The entries below hold a line with "(a + b = a' + b' %[mod n])%Z." and a line with "Proof. by move=> ea eb; rewrite -modzMm". Return those lines and all that lie between them, exactly and only.

* _The records_
Start of Block

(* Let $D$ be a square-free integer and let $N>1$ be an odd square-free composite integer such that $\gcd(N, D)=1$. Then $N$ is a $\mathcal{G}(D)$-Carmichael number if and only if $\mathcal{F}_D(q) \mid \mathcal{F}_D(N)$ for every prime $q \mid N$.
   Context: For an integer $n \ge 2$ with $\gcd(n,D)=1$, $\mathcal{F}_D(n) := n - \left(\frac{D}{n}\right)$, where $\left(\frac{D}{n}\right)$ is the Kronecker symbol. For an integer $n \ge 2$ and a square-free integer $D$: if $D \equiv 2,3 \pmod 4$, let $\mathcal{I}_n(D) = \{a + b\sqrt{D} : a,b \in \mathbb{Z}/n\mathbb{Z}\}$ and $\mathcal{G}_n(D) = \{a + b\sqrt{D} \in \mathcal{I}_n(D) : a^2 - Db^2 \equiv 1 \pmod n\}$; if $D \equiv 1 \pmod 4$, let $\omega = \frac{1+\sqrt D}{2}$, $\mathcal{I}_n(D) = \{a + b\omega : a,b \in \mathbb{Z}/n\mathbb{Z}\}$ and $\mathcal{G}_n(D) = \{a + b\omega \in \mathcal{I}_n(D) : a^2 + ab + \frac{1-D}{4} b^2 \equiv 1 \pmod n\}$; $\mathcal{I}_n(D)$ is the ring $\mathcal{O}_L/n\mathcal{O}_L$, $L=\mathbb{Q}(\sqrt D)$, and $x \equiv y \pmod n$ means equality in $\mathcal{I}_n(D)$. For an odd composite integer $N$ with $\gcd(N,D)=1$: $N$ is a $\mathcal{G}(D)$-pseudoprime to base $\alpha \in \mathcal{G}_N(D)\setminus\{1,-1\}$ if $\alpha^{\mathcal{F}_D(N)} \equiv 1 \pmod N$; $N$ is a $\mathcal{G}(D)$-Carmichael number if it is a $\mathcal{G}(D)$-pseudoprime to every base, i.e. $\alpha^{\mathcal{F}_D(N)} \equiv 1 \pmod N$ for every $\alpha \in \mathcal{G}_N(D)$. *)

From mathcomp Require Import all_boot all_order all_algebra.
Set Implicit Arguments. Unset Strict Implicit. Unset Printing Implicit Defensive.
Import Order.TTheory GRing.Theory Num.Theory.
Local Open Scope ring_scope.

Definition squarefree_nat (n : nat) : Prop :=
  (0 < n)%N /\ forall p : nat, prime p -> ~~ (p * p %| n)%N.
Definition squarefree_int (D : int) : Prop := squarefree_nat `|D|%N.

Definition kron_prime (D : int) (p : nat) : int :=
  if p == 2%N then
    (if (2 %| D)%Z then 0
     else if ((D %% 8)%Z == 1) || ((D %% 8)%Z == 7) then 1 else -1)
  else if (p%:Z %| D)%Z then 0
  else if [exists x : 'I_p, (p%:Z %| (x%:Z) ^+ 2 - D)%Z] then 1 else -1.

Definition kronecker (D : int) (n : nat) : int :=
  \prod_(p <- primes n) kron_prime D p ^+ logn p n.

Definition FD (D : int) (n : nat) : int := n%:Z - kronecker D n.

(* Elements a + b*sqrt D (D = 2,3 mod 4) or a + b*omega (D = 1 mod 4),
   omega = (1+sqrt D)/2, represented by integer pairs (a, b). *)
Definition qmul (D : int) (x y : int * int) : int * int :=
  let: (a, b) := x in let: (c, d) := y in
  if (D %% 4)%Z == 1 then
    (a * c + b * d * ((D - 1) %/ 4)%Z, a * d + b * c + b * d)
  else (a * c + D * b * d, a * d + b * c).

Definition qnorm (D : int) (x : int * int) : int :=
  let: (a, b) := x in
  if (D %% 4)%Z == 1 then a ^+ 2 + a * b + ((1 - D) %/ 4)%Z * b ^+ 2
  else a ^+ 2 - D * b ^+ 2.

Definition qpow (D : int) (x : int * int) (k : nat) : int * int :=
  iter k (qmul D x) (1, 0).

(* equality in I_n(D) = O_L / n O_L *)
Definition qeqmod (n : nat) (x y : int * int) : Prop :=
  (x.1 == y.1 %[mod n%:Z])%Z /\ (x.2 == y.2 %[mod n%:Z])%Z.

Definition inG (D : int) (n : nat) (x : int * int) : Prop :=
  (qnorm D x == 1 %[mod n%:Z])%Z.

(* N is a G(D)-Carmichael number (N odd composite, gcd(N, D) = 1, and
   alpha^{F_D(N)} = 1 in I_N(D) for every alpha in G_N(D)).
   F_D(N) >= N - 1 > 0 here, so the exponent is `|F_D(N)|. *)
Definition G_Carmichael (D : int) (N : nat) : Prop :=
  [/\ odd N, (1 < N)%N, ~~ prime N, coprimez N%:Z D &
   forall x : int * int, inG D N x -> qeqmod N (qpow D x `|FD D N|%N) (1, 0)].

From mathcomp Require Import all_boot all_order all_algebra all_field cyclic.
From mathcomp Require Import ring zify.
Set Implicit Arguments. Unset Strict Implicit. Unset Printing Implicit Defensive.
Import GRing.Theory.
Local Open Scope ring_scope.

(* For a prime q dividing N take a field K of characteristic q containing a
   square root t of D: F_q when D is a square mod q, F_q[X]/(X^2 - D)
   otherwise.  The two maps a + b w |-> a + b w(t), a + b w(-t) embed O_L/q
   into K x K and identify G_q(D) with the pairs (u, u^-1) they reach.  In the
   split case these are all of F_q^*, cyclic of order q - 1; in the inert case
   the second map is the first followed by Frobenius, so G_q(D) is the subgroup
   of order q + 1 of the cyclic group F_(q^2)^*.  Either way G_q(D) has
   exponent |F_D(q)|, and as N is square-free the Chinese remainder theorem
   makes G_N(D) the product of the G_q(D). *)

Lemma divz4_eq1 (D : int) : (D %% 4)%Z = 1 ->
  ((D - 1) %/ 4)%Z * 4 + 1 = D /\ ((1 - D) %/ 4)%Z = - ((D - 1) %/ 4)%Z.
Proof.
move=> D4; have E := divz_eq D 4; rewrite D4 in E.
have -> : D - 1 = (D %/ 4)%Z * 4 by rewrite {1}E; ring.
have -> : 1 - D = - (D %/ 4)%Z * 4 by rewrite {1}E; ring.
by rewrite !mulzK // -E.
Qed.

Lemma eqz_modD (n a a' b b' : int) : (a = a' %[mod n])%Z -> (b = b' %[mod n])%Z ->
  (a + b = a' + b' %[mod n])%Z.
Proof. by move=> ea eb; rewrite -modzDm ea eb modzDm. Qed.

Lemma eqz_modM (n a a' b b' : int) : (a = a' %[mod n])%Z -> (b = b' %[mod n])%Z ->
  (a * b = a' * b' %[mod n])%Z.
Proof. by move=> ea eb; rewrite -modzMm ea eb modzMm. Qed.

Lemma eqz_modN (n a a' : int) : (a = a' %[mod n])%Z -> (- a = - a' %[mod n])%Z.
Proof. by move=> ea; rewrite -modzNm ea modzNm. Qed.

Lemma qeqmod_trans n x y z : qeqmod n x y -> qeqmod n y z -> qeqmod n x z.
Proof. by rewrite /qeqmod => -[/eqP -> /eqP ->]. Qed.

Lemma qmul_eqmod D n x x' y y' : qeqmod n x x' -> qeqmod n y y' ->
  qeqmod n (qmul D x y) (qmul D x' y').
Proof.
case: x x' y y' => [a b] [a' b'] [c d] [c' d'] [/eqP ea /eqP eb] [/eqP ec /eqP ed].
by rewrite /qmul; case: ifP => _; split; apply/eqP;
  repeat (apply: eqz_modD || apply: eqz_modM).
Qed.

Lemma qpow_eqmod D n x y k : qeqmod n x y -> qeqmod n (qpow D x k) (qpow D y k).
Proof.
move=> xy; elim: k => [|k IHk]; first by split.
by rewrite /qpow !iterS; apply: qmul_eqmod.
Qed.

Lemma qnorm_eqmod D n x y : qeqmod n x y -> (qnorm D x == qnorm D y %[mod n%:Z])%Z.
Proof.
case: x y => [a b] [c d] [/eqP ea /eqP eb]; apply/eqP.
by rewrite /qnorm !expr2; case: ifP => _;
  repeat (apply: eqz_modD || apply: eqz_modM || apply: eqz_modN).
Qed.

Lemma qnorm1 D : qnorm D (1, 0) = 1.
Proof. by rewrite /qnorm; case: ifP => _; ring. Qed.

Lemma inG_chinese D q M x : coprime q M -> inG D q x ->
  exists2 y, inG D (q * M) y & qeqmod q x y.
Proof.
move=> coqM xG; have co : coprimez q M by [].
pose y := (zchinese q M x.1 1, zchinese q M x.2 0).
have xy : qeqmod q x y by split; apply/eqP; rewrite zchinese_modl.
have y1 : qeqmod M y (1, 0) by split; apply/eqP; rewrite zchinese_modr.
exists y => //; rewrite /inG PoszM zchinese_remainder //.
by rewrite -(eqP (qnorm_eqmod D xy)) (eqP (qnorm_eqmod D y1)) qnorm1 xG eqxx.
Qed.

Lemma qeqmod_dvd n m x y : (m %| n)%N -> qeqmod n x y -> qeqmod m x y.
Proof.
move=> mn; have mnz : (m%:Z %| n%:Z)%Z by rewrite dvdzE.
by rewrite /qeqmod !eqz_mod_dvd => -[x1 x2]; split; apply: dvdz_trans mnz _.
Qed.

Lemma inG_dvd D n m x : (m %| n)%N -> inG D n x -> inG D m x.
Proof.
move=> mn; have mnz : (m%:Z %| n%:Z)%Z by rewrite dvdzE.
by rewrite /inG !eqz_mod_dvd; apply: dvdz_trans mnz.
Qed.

End of Block

* _Your response_
  (a + b = a' + b' %[mod n])%Z.
Proof. by move=> ea eb; rewrite -modzDm ea eb modzDm. Qed.

Lemma eqz_modM (n a a' b b' : int) : (a = a' %[mod n])%Z -> (b = b' %[mod n])%Z ->
  (a * b = a' * b' %[mod n])%Z.
Proof. by move=> ea eb; rewrite -modzMm ea eb modzMm. Qed.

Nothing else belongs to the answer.